The Importance of Art and the Rise of Creative Writing Degrees

In the current economical climate, where Art Council grants are being cut and libraries are closing left, right and centre, and university fees are soaring, making potential students think twice before they embark on a creative degree… we have to take a stand.

We have to fight for our right for art, for culture, for our means to be creative. These areas of our society are not deemed essential, and technically they aren’t – we can survive without art. But that existence will be compromised, anaesthetized and jeopardised.

Art is not a meaningless product of a society – it is at the heart of society. It is the purest testimony of human insight and feeling, it documents and conceptualises. It gives a voice to a multitude of people, through entertainment and expression.

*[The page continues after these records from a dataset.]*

(* Let $\mathcal N$ be a normal network on $X$. If $\mathcal N$ has at least one reticulation and $|X|\ge 4$, or $\mathcal N$ has at least two reticulations, or $|X|\ge 5$, then $\mathcal N$ displays at least one quad.
   Context: Phylogenetic network on $X$ (rooted, binary): rooted acyclic digraph without parallel arcs; root has in-degree $0$, out-degree $2$; leaves (out-degree $0$) have in-degree $1$ and form $X$; other vertices are tree vertices (in-degree $1$, out-degree $2$) or reticulations (in-degree $2$, out-degree $1$). A reticulation arc $(u,v)$ is a shortcut if another directed path from $u$ to $v$ exists. Tree-child: every non-leaf vertex has a child that is a tree vertex or leaf; normal: tree-child with no shortcuts. A quad is a caterpillar on four leaves, i.e. a rooted binary phylogenetic tree $(x_1,x_2,x_3,x_4)$ in which $x_1,x_2$ share a parent $p$, the parent of $x_3$ is the parent of $p$, and the parent of $x_4$ is the parent of the parent of $x_3$. The network displays a tree on a subset of $X$ if the tree can be obtained from the network by deleting arcs and vertices and suppressing in-degree-one out-degree-one vertices. *)

From mathcomp Require Import all_boot.
Set Implicit Arguments. Unset Strict Implicit. Unset Printing Implicit Defensive.

(* A directed graph on a finite vertex type V is given by its arc relation
   a : rel V (a u v = there is an arc (u,v)); this excludes parallel arcs. *)
Section Net.
Variables (V : finType) (a : rel V).

Definition indeg (v : V) : nat := #|[pred u | a u v]|.
Definition outdeg (v : V) : nat := #|[pred w | a v w]|.

Definition dpath (u v : V) (s : seq V) : bool :=
  [&& path a u s, last u s == v & s != [::]].

(* interior vertices of the path u :: s (all but the endpoints) *)
Definition interior (s : seq V) : seq V := take (size s).-1 s.

Definition acyclic : Prop :=
  forall (v : V) (s : seq V), path a v s -> last v s = v -> s = [::].

Definition is_root (v : V) : bool := (indeg v == 0) && (outdeg v == 2).
Definition is_leaf (v : V) : bool := (indeg v == 1) && (outdeg v == 0).
Definition is_tree_vertex (v : V) : bool := (indeg v == 1) && (outdeg v == 2).
Definition is_reticulation (v : V) : bool := (indeg v == 2) && (outdeg v == 1).

(* rooted binary phylogenetic network (leaf set X = the set of leaves) *)
Definition phylo_network : Prop :=
  acyclic /\
  exists rho : V, is_root rho /\
    forall v : V, v != rho ->
      [|| is_leaf v, is_tree_vertex v | is_reticulation v].

Definition tree_child : Prop :=
  forall v : V, ~~ is_leaf v ->
    exists w : V, a v w && (is_tree_vertex w || is_leaf w).

(* reticulation arc (u,v) is a shortcut if another directed path u ~> v exists *)
Definition no_shortcuts : Prop :=
  forall (u v : V) (s : seq V),
    a u v -> is_reticulation v -> dpath u v s -> s = [:: v].

Definition normal_network : Prop :=
  [/\ phylo_network, tree_child & no_shortcuts].

Definition num_leaves : nat := #|[pred v | is_leaf v]|.
Definition num_reticulations : nat := #|[pred v | is_reticulation v]|.

(* N displays the quad (x1,x2,x3,x4): N contains a subdivision of the
   caterpillar with internal vertices p (parent of x1,x2), q (parent of
   p and x3), r (root, parent of q and x4), i.e. images r,q,p and six
   directed paths, one for each tree arc, whose interiors are pairwise
   disjoint and avoid the seven images, the images being distinct.
   Deleting everything else and suppressing yields the quad. *)
Definition displays_quad_on (x1 x2 x3 x4 : V) : Prop :=
  [/\ is_leaf x1, is_leaf x2, is_leaf x3 & is_leaf x4] /\
  exists (r q p : V) (srq srx4 sqp sqx3 spx1 spx2 : seq V),
    [/\ dpath r q srq, dpath r x4 srx4, dpath q p sqp,
        dpath q x3 sqx3 & dpath p x1 spx1] /\ dpath p x2 spx2 /\
        uniq (flatten [:: interior srq; interior srx4; interior sqp;
                          interior sqx3; interior spx1; interior spx2]
              ++ [:: r; q; p; x1; x2; x3; x4]).

Definition displays_a_quad : Prop :=
  exists x1 x2 x3 x4 : V, displays_quad_on x1 x2 x3 x4.

End Net.

(* In a tree-child network every vertex x has a tree path: repeatedly step to a
   child that is a tree vertex or a leaf, until a leaf is reached.  Tree vertices
   and leaves have a single parent, so tree paths starting at distinct children
   x, y of u, u' can only meet if one of them passes through u' or u; and in a
   normal network the two parents of a reticulation are incomparable.
   Suppose a child cr of r has a tree path through a tree vertex q, and a child cq
   of q has a tree path through a tree vertex p.  Then the tree paths cr ~> q and
   cq ~> p, and the tree paths from the other children of r and q and from both
   children of p down to leaves x4, x3, x1, x2, are pairwise disjoint, so they
   display the quad (x1, x2, x3, x4).  Every tree vertex q has such an r above
   it, so otherwise no tree vertex lies on a tree path below a tree vertex.  Then
   every tree vertex is a child of the root and every reticulation is a child of
   both children of the root; hence there is at most one reticulation, at most
   four leaves, and at most three leaves if there is a reticulation. *)

From mathcomp Require Import all_boot zify.
Set Implicit Arguments. Unset Strict Implicit. Unset Printing Implicit Defensive.

Lemma fconnect_iterP (T : finType) (f : T -> T) x y :
  reflect (exists k, y = iter k f x) (fconnect f x y).
Proof.
apply: (iffP idP) => [/iter_findex <-|[k ->]]; [by eexists | exact: fconnect_iter].
Qed.

(* The endpoints are listed in the order of the vertex list of [displays_quad_on]. *)
Lemma perm_quad_interiors (T : eqType) (r : T) (s1 s2 s3 s4 s5 s6 : seq T)
    (e1 e2 e3 e4 e5 e6 : T) :
  perm_eq (flatten [:: s1; s2; s3; s4; s5; s6] ++ [:: r; e1; e3; e5; e6; e4; e2])
    (r :: flatten [:: rcons s1 e1; rcons s2 e2; rcons s3 e3;
                      rcons s4 e4; rcons s5 e5; rcons s6 e6]).
Proof.
apply/permP => P; rewrite /= -!cats1 !count_cat /= !addn0.
by move: (P r : nat) (P e1 : nat) (P e2 : nat) (P e3 : nat) (P e4 : nat) (P e5 : nat)
  (P e6 : nat) => *; lia.
Qed.

Section Network.
Variables (V : finType) (a : rel V).

Lemma indeg1_parent_uniq v u u' : indeg a v = 1 -> a u v -> a u' v -> u = u'.
Proof.
move=> deg1 uv u'v.
have /card_le1_eqP : #|[pred x | a x v]| <= 1 by rewrite -/(indeg a v) deg1.
by apply; rewrite inE.
Qed.

Lemma outdeg1_child_uniq v w w' : outdeg a v = 1 -> a v w -> a v w' -> w = w'.
Proof.
move=> deg1 vw vw'.
have /card_le1_eqP : #|[pred x | a v x]| <= 1 by rewrite -/(outdeg a v) deg1.
by apply; rewrite inE.
Qed.

Lemma indeg0_arcF u v : indeg a v = 0 -> a u v = false.
Proof. by move/card0_eq/(_ u); rewrite inE. Qed.

Lemma outdeg0_arcF v w : outdeg a v = 0 -> a v w = false.
Proof. by move/card0_eq/(_ w); rewrite inE. Qed.

Lemma arc_nonleaf u v : a u v -> ~~ is_leaf a u.
Proof. by apply: contraTN => /andP [_ /eqP /outdeg0_arcF ->]. Qed.

Lemma indeg2_parents v : indeg a v = 2 -> exists u u', [/\ a u v, a u' v & u != u'].
Proof.
move=> deg2; have /card_gt1P [u [u' []]] : 1 < #|[pred x | a x v]|.
  by rewrite -/(indeg a v) deg2.
by rewrite !inE; exists u, u'.
Qed.

Lemma outdeg2_children v : outdeg a v = 2 ->
  exists c c', c != c' /\ forall w, a v w = (w == c) || (w == c').
Proof.
move=> deg2; have /cards2P [c [c' [neq cc']]] : #|[set w | a v w]| == 2.
  by rewrite cardsE -/(outdeg a v) deg2.
by exists c, c'; split => // w; rewrite -in_set2 -cc' inE.
Qed.

Lemma outdeg2_three v x y z : outdeg a v = 2 -> a v x -> a v y -> a v z ->
  x != y -> x != z -> y = z.
Proof.
case/outdeg2_children => [c [c' [_ vE]]]; rewrite !vE.
by do 3 case/orP=> /eqP->; rewrite ?eqxx.
Qed.

Lemma outdeg2_other_child v c : outdeg a v = 2 -> a v c -> exists2 c', a v c' & c' != c.
Proof.
case/outdeg2_children => [d [d' [dd' vE]]]; rewrite vE => /orP [] /eqP ->.
  by exists d'; rewrite ?vE ?eqxx ?orbT // eq_sym.
by exists d; rewrite ?vE ?eqxx.
Qed.

(* [tchild v] is a child of [v] that is a tree vertex or a leaf, and [v] itself
   when [v] is a leaf; so [fconnect tchild x] is the tree path from [x] down to
   a leaf. *)
Definition tchild (v : V) : V :=
  odflt v [pick w | a v w && (is_tree_vertex a w || is_leaf a w)].

Lemma tchild_leaf v : is_leaf a v -> tchild v = v.
Proof.
case/andP => _ /eqP out0; rewrite /tchild; case: pickP => //= w.
by rewrite (outdeg0_arcF _ out0).
Qed.

Lemma iter_tchild_leaf x i j : is_leaf a (iter i tchild x) -> i <= j ->
  iter j tchild x = iter i tchild x.
Proof. by move=> leaf /subnK <-; elim: (j - i) => //= k ->; rewrite tchild_leaf. Qed.

Hypothesis tc : tree_child a.
(* On the F_k-set [level n] the grid function is the constant delta * n. *)
Lemma orth_integral_mul_grid :
  (\int[mu]_w (W w * grid_floor delta (D w))%:E = 0)%E.
Proof.
have levels : [set: T] = \bigcup_n level n.
  by apply/seteqP; split=> w // _; exists (Num.truncn (D w / delta)).
rewrite levels integral_bigcup -?levels //; last 2 first.
- by move=> i j _ _ [w [<- <-]].
- by move=> n; exact/FkS/Flevel.
apply: eseries0 => n _ _.
rewrite (eq_integral (fun w => (delta * n%:R)%:E * (W w)%:E)%E); last first.
  by move=> w /[1!inE] <-; rewrite -EFinM mulrC.
rewrite integralZl ?W_orth ?mule0 //; first exact/FkS/Flevel.
by apply: integrableS W_int => //; exact/FkS/Flevel.
Qed.

Lemma orth_integral_mul_le_grid :
  (`|\int[mu]_w (W w * D w)%:E| <= delta%:E * \int[mu]_w `|(W w)%:E|)%E.
Proof.
have mD := sub_measurable_fun FkS FD.
have mWB : measurable_fun setT (fun w => W w * D w - W w * grid_floor delta (D w)).
  by apply: measurable_funB; exact: measurable_funM.
have -> : (\int[mu]_w (W w * D w)%:E = \int[mu]_w (W w * D w)%:E
    - \int[mu]_w (W w * grid_floor delta (D w))%:E)%E.
  by rewrite orth_integral_mul_grid sube0.
rewrite -integralB_EFin // (le_trans (le_abse_integral _ _ _)) //.
  exact/measurable_EFinP.
have mabsW : measurable_fun setT (fun w => `|(W w)%:E|)%E.
  exact: measurableT_comp (measurable_int _ W_int).
rewrite -ge0_integralZl ?lee_fin ?(ltW delta_gt0) //.
apply: ge0_le_integral => //.
- exact/measurableT_comp/measurable_EFinP.
- exact: emeasurable_funM.
move=> w _; rewrite /= -mulrBr normrM lee_fin mulrC ler_wpM2r //.
rewrite ger0_norm ?subr_ge0 ?grid_floor_le //.
by have := grid_floor_gtB _ delta_gt0 (D w); lra.
Qed.

End Grid.

Lemma orth_integral_mul_ge0 D : sub_measurable Fk D -> (forall w, 0 <= D w) ->
  mu.-integrable setT (EFin \o (fun w => W w * D w)) ->
  (\int[mu]_w (W w * D w)%:E = 0)%E.
Proof.
move=> FD D_ge0 WD_int.
have WD_fin := integrable_fin_num measurableT WD_int.
have absW_fin := integrable_fin_num measurableT (integrable_abse W_int).
rewrite -(fineK WD_fin); congr EFin.
apply: (@eq0_of_norm_le_scale _ _ (fine (\int[mu]_w `|(W w)%:E|)%E)) => delta delta_gt0.
rewrite -lee_fin EFinM fineK // -abse_EFin fineK //.
exact: orth_integral_mul_le_grid.
Qed.

Lemma orth_integral_mul D : sub_measurable Fk D ->
  mu.-integrable setT (EFin \o (fun w => W w * D w)) ->
  (\int[mu]_w (W w * D w)%:E = 0)%E.
Proof.
move=> FD WD_int.
have part_int (E : T -> R) : sub_measurable Fk E -> (forall w, `|E w| <= `|D w|) ->
    mu.-integrable setT (EFin \o (fun w => W w * E w)).
  move=> FE E_le; apply: le_integrable WD_int => //.
    exact/measurable_EFinP/measurable_funM/(sub_measurable_fun FkS FE).
  by move=> w _; rewrite /= lee_fin !normrM ler_wpM2l.
have FDpos : sub_measurable Fk D^\+.
  exact: (sub_measurable_comp FD (measurable_funrpos (@measurable_id _ R setT))).
have FDneg : sub_measurable Fk D^\-.
  exact: (sub_measurable_comp FD (measurable_funrneg (@measurable_id _ R setT))).
have normD w : D^\+ w + D^\- w = `|D w| by rewrite -[RHS]/((Num.norm \o D) w) -funrposDneg.
have Dpos_int : mu.-integrable setT (EFin \o (fun w => W w * D^\+ w)).
  apply: part_int => // w; rewrite -normD ger0_norm ?funrpos_ge0 // lerDl.
  exact: funrneg_ge0.
have Dneg_int : mu.-integrable setT (EFin \o (fun w => W w * D^\- w)).
  apply: part_int => // w; rewrite -normD ger0_norm ?funrneg_ge0 // lerDr.
  exact: funrpos_ge0.
rewrite (eq_integral (fun w => (W w * D^\+ w)%:E - (W w * D^\- w)%:E)%E); last first.
  by move=> w _; rewrite -EFinB -mulrBr -[in LHS](funrposBneg D).
by rewrite integralB_EFin // !orth_integral_mul_ge0 ?subee.
Qed.

End PullOut.

Section CondExpProperties.
Context {d} {T : measurableType d} {R : realType} (P : probability T R).
Context {Fk : set_system T}.
Hypothesis FkS : Fk `<=` measurable.
Implicit Types (Y Z V D : T -> R).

Art trains our minds to think outside the box, process our emotions and develop our understanding. I can’t think of anything more damaging to a society than to take that away.

Despite the looming threat of art cuts, creative writing courses have never been more popular. Perhaps it is something to do with heightening technology, where aspiring writers can connect directly to their literary heroes through blogs, Facebook and Twitter.

Perhaps it is to do with the vast amounts of adaptations in the media – it seems almost every blockbuster film these days was based on a novel. Perhaps it is to do with the increasing popularity of e-readers and the accessibility to books and e-books through online retail giants. Perhaps it is the lure of self-publishing success stories.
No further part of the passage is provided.